Task objective: Repeat the entries exactly as they stand.

Data for analysis:
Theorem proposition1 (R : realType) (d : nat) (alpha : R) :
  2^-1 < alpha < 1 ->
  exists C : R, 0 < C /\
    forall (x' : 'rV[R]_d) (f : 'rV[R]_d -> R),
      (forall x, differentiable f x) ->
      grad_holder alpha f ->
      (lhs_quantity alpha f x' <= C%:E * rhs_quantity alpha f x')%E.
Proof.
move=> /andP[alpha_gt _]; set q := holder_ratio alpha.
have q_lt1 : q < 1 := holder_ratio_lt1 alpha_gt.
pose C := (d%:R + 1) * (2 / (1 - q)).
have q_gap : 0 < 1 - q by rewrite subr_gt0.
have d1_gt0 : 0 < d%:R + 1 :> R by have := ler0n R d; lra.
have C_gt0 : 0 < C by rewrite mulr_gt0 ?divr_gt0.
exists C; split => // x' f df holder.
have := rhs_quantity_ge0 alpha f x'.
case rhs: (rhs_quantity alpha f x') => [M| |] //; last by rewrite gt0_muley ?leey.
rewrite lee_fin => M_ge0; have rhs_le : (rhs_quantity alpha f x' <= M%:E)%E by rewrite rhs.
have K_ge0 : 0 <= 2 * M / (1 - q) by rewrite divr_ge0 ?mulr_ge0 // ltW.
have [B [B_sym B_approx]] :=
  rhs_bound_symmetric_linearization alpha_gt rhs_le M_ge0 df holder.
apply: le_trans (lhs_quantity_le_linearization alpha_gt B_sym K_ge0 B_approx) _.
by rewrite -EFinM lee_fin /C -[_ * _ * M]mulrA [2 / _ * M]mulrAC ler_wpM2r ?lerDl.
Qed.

Result below:
Theorem proposition1 (R : realType) (d : nat) (alpha : R) :
  2^-1 < alpha < 1 ->
  exists C : R, 0 < C /\
    forall (x' : 'rV[R]_d) (f : 'rV[R]_d -> R),
      (forall x, differentiable f x) ->
      grad_holder alpha f ->
      (lhs_quantity alpha f x' <= C%:E * rhs_quantity alpha f x')%E.
Proof.
move=> /andP[alpha_gt _]; set q := holder_ratio alpha.
have q_lt1 : q < 1 := holder_ratio_lt1 alpha_gt.
pose C := (d%:R + 1) * (2 / (1 - q)).
have q_gap : 0 < 1 - q by rewrite subr_gt0.
have d1_gt0 : 0 < d%:R + 1 :> R by have := ler0n R d; lra.
have C_gt0 : 0 < C by rewrite mulr_gt0 ?divr_gt0.
exists C; split => // x' f df holder.
have := rhs_quantity_ge0 alpha f x'.
case rhs: (rhs_quantity alpha f x') => [M| |] //; last by rewrite gt0_muley ?leey.
rewrite lee_fin => M_ge0; have rhs_le : (rhs_quantity alpha f x' <= M%:E)%E by rewrite rhs.
have K_ge0 : 0 <= 2 * M / (1 - q) by rewrite divr_ge0 ?mulr_ge0 // ltW.
have [B [B_sym B_approx]] :=
  rhs_bound_symmetric_linearization alpha_gt rhs_le M_ge0 df holder.
apply: le_trans (lhs_quantity_le_linearization alpha_gt B_sym K_ge0 B_approx) _.
by rewrite -EFinM lee_fin /C -[_ * _ * M]mulrA [2 / _ * M]mulrAC ler_wpM2r ?lerDl.
Qed.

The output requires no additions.